Were they broken up over that coon? I guess they were. Matty Ryder cried so long his mom got scared and wanted to take him to the doctor. I spose he's over it now, but they never forget. When a good animal gets run down in the road, a kid never forgets."

Louis's mind turned to Ellie as he had last seen her tonight, fast asleep with Church purring rustily on the foot of the mattress.

"My daughter's got a cat," he said. "Winston Churchill. We call him Church for short."

"Do they climb when he walks?"

"I beg your pardon?" Louis had no idea what he was talking about.

"He still got his balls or has he been fixed?"

"No," Louis said. "No, he hasn't been fixed."

In fact there had been some trouble over that back in Chicago. Rachel had wanted to get Church spayed, had even made the appointment with the vet. Louis canceled it. Even now he wasn't really sure why. it wasn't anything as simple or as stupid as equating his masculinity with that of his daughter's tom, nor even his resentment at the idea that Church would have to be castrated so the fat housewife next door wouldn't need to be troubled with twisting down the lids of her plastic garbage cans-those things had been part of it, but most of it had been a vague but strong feeling that it Would destroy something in Church that he himself valued-that it would put out the go-to-hell look in the cat's green eyes. Finally he had pointed out to Rachel that they were moving to the country, and it shouldn't be a problem. Now here was Judson Crandall, pointing out that part of country living in Ludlow consisted of dealing with Route 15, and asked him if the cat was fixed. Try a little irony, Dr. Creed-it's good for your blood.
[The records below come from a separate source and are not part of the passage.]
(* Assume the vector variational inequality defined by $F$ and $K$ is monotone. (a) If $\mathcal{A}$ is a bounded connected component of $\mathrm{Sol}^w(F,K)$, then $S^{-1}(\mathcal{A})=\{\xi\in\Delta:S(\xi)\cap\mathcal{A}\neq\emptyset\}$ is open in the induced topology of $\Delta$. (b) If $\mathcal{A}$ is a bounded connected component of $\mathrm{Sol}^{pr}(F,K)$, then $\{\xi\in\operatorname{ri}\Delta:S(\xi)\cap\mathcal{A}\neq\emptyset\}$ is open in the induced topology of $\operatorname{ri}\Delta$.
   Context: Let $K\subset\mathbb{R}^n$ be a nonempty closed convex set and $F_1,\dots,F_m:K\to\mathbb{R}^n$ continuous functions; write $F=(F_1,\dots,F_m)$ and $F(x)(u)=(\langle F_1(x),u\rangle,\dots,\langle F_m(x),u\rangle)$. The problem is monotone if each $F_l$ is monotone on $K$: $\langle F_l(y)-F_l(x),y-x\rangle\ge0$ for all $x,y\in K$. Let $\Delta=\{\xi\in\mathbb{R}^m_+ : \sum_l\xi_l=1\}$, $\operatorname{ri}\Delta=\{\xi\in\Delta:\xi_l>0,\ l=1,\dots,m\}$, and $F_\xi=\sum_l\xi_lF_l$. For $G:K\to\mathbb{R}^n$, $\mathrm{Sol}(G,K)=\{x\in K:\langle G(x),y-x\rangle\ge0\ \forall y\in K\}$. The weak Pareto solution set $\mathrm{Sol}^w(F,K)$ is the set of $x\in K$ with $F(x)(x-y)\notin\operatorname{int}\mathbb{R}^m_+$ for all $y\in K$; it is known that $\mathrm{Sol}^w(F,K)=\bigcup_{\xi\in\Delta}\mathrm{Sol}(F_\xi,K)$. The proper Pareto solution set is $\mathrm{Sol}^{pr}(F,K)=\bigcup_{\xi\in\operatorname{ri}\Delta}\mathrm{Sol}(F_\xi,K)$. The basic multifunction is $S(\xi)=\mathrm{Sol}(F_\xi,K)$ for $\xi\in\Delta$. *)

From Stdlib Require Import Reals.
From Stdlib Require Fin.
Open Scope R_scope.

Definition vec (n : nat) : Type := Fin.t n -> R.

Fixpoint fsum (n : nat) : (Fin.t n -> R) -> R :=
  match n return (Fin.t n -> R) -> R with
  | O => fun _ => 0
  | S k => fun f => f Fin.F1 + fsum k (fun i => f (Fin.FS i))
  end.

Definition dot {n : nat} (x y : vec n) : R := fsum n (fun i => x i * y i).
Definition vsub {n : nat} (x y : vec n) : vec n := fun i => x i - y i.
Definition vnorm {n : nat} (x : vec n) : R := sqrt (dot x x).
Definition vdist {n : nat} (x y : vec n) : R := vnorm (vsub x y).

Definition vopen {n : nat} (U : vec n -> Prop) : Prop :=
  forall x, U x -> exists eps, 0 < eps /\ forall y, vdist x y < eps -> U y.
Definition vclosed {n : nat} (C : vec n -> Prop) : Prop :=
  vopen (fun x => ~ C x).
Definition vconvex {n : nat} (K : vec n -> Prop) : Prop :=
  forall x y t, K x -> K y -> 0 <= t <= 1 -> K (fun i => t * x i + (1 - t) * y i).
Definition vbounded {n : nat} (A : vec n -> Prop) : Prop :=
  exists r, forall x, A x -> vnorm x <= r.

Definition vconnected {n : nat} (C : vec n -> Prop) : Prop :=
  ~ exists U V : vec n -> Prop,
      vopen U /\ vopen V /\
      (forall x, C x -> U x \/ V x) /\
      (exists x, C x /\ U x) /\ (exists x, C x /\ V x) /\
      (forall x, C x -> U x -> V x -> False).

Definition conn_component {n : nat} (S C : vec n -> Prop) : Prop :=
  (exists x, C x) /\ (forall x, C x -> S x) /\ vconnected C /\
  (forall D : vec n -> Prop, vconnected D -> (forall x, C x -> D x) ->
     (forall x, D x -> S x) -> forall x, D x -> C x).

Definition vcontinuous_on {n : nat} (K : vec n -> Prop) (G : vec n -> vec n) : Prop :=
  forall x, K x -> forall eps, 0 < eps -> exists delta, 0 < delta /\
    forall y, K y -> vdist x y < delta -> vdist (G x) (G y) < eps.
Definition monotone_on {n : nat} (K : vec n -> Prop) (G : vec n -> vec n) : Prop :=
  forall x y, K x -> K y -> 0 <= dot (vsub (G y) (G x)) (vsub y x).

Definition Sol {n : nat} (G : vec n -> vec n) (K : vec n -> Prop) (x : vec n) : Prop :=
  K x /\ forall y, K y -> 0 <= dot (G x) (vsub y x).

Definition simplex {m : nat} (xi : vec m) : Prop :=
  (forall l, 0 <= xi l) /\ fsum m xi = 1.
Definition ri_simplex {m : nat} (xi : vec m) : Prop :=
  (forall l, 0 < xi l) /\ fsum m xi = 1.

Definition Fcomb {m n : nat} (F : Fin.t m -> vec n -> vec n) (xi : vec m) : vec n -> vec n :=
  fun x i => fsum m (fun l => xi l * F l x i).

Definition SolW {m n : nat} (F : Fin.t m -> vec n -> vec n) (K : vec n -> Prop) (x : vec n) : Prop :=
  K x /\ forall y, K y -> ~ (forall l, 0 < dot (F l x) (vsub x y)).

(* proper Pareto solutions: union over ri Delta of Sol(F_xi,K) *)
Definition SolPr {m n : nat} (F : Fin.t m -> vec n -> vec n) (K : vec n -> Prop) (x : vec n) : Prop :=
  exists xi, ri_simplex xi /\ Sol (Fcomb F xi) K x.

Definition rel_open {m : nat} (D T : vec m -> Prop) : Prop :=
  (forall xi, T xi -> D xi) /\
  forall xi, T xi -> exists eps, 0 < eps /\ forall eta, D eta -> vdist xi eta < eps -> T eta.

From Stdlib Require Import Reals.
From Stdlib Require Fin.
From Stdlib Require Import Lra Lia Psatz List Classical ClassicalEpsilon FunctionalExtensionality.
Open Scope R_scope.

(* Fix xi0 in the parameter set and x0 in S(xi0) /\ A.  S(xi0) is convex (Minty), hence
   connected, so it lies in the component A and thus in a ball of radius r.  For the problem
   truncated to the ball of radius r + 1 no solution at xi0 reaches the boundary sphere, and by
   compactness and the closed graph of the truncated solution map the same holds for all xi
   near xi0; such solutions solve the untruncated problem.  Along segments of parameters the
   truncated solution sets form an upper semicontinuous family of nonempty convex sets, so their
   union D over a small convex neighbourhood of xi0 is connected; D meets A at x0, hence D is
   contained in A, and every nearby xi has a solution in A.
   Existence for the truncated problems avoids Brouwer's theorem: minimising the penalty
   sum_i min(0, <G y_i, y_i - x>)^2 over the compact convex set yields, by monotonicity, a point
   satisfying the Minty inequalities at finitely many points y_i; taking finer and finer nets
   and a convergent subsequence gives a Minty solution, which is a solution. *)

(** * Finite sums and the Euclidean norm *)

Lemma fsum_ext n (f g : Fin.t n -> R) : (forall i, f i = g i) -> fsum n f = fsum n g.
Proof.
  revert f g; induction n as [|n IH]; simpl; intros f g H; [reflexivity|].
  rewrite H, (IH _ (fun i => g (Fin.FS i))); auto.
Qed.

Lemma fsum_plus n (f g : Fin.t n -> R) :
  fsum n (fun i => f i + g i) = fsum n f + fsum n g.
Proof. revert f g; induction n as [|n IH]; simpl; intros; [lra|]. rewrite IH; lra. Qed.

Lemma fsum_scal n c (f : Fin.t n -> R) : fsum n (fun i => c * f i) = c * fsum n f.
Proof. revert f; induction n as [|n IH]; simpl; intros; [lra|]. rewrite IH; lra. Qed.

Lemma fsum_scal_r n c (f : Fin.t n -> R) : fsum n (fun i => f i * c) = fsum n f * c.
Proof. rewrite Rmult_comm, <- fsum_scal. apply fsum_ext; intros; ring. Qed.

Lemma fsum_minus n (f g : Fin.t n -> R) :
  fsum n (fun i => f i - g i) = fsum n f - fsum n g.
Proof. revert f g; induction n as [|n IH]; simpl; intros; [lra|]. rewrite IH; lra. Qed.

Lemma fsum_opp n (f : Fin.t n -> R) : fsum n (fun i => - f i) = - fsum n f.
Proof. revert f; induction n as [|n IH]; simpl; intros; [lra|]. rewrite IH; lra. Qed.

Lemma fsum_zero n : fsum n (fun _ => 0) = 0.
Proof. induction n as [|n IH]; simpl; [|rewrite IH]; lra. Qed.

Lemma fsum_le n (f g : Fin.t n -> R) : (forall i, f i <= g i) -> fsum n f <= fsum n g.
Proof.
  revert f g; induction n as [|n IH]; simpl; intros f g H; [lra|].
  pose proof (IH (fun i => f (Fin.FS i)) (fun i => g (Fin.FS i)) (fun i => H _)).
  specialize (H Fin.F1). lra.
Qed.

Lemma fsum_nonneg n (f : Fin.t n -> R) : (forall i, 0 <= f i) -> 0 <= fsum n f.
Proof. intros H. rewrite <- (fsum_zero n). apply fsum_le; auto. Qed.

Lemma fsum_ge_term n (f : Fin.t n -> R) j : (forall i, 0 <= f i) -> f j <= fsum n f.
Proof.
  revert f j; induction n as [|n IH]; intros f j H; [inversion j|].
  apply (Fin.caseS' j); simpl.
  - pose proof (fsum_nonneg n (fun i => f (Fin.FS i)) (fun i => H _)). lra.
  - intro p. pose proof (IH (fun i => f (Fin.FS i)) p (fun i => H _)).
    pose proof (H Fin.F1). lra.
Qed.

Lemma fsum_le_const n (f : Fin.t n -> R) c : (forall i, f i <= c) -> fsum n f <= INR n * c.
Proof.
  revert f; induction n as [|n IH]; intros f H; simpl; [lra|].
  pose proof (IH (fun i => f (Fin.FS i)) (fun i => H _)). pose proof (H Fin.F1).
  change (f Fin.F1 + fsum n (fun i => f (Fin.FS i)) <= INR (S n) * c).
  rewrite S_INR. lra.
Qed.

Lemma fsum_exchange m n (f : Fin.t m -> Fin.t n -> R) :
  fsum m (fun i => fsum n (fun j => f i j)) = fsum n (fun j => fsum m (fun i => f i j)).
Proof.
  revert n f; induction m as [|m IH]; simpl; intros n f.
  - symmetry. apply fsum_zero.
  - rewrite IH, <- fsum_plus. reflexivity.
Qed.

Lemma dot_ext n (x x' y y' : vec n) :
  (forall i, x i = x' i) -> (forall i, y i = y' i) -> dot x y = dot x' y'.
Proof. intros Hx Hy. apply fsum_ext; intros i. rewrite Hx, Hy; reflexivity. Qed.

Lemma dot_nonneg n (x : vec n) : 0 <= dot x x.
Proof. apply fsum_nonneg; intros; nra. Qed.

Lemma dot_vsub_sub n (g a b x : vec n) :
  dot g (vsub a x) - dot g (vsub b x) = dot g (vsub a b).
Proof. unfold dot, vsub. rewrite <- fsum_minus. apply fsum_ext; intros; ring. Qed.

Lemma dot_vsub_swap n (g a b : vec n) : dot g (vsub a b) = - dot g (vsub b a).
Proof.
  unfold dot, vsub. rewrite <- fsum_opp. apply fsum_ext; intros; ring.
Qed.

Lemma dot_vsub_vsub n (g h a b : vec n) :
  dot (vsub g h) (vsub a b) = dot g (vsub a b) + dot h (vsub b a).
Proof. unfold dot, vsub. rewrite <- fsum_plus. apply fsum_ext; intros; ring. Qed.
"I'd get him fixed," Crandall said, crushing his smoke between his thumb and forefinger. "A fixed cat don't tend to wander as much. But if it's all the time crossing back and forth, its luck will run out, and it'll end up there with the Ryder kids' coon and little Timmy Dessler's cocker spaniel and Missus Bradleigh's parakeet. Not that the parakeet got run over in the road, you understand. It just went feet up one day."

"I'll take it under advisement," Louis said.

"You do that," Crandall said and stood up. "How's that beer doing? I believe I'll go in for a slice of old Mr. Rat after all."

"Beer's gone," Louis said, also standing, "and I ought to go, too. Big day tomorrow."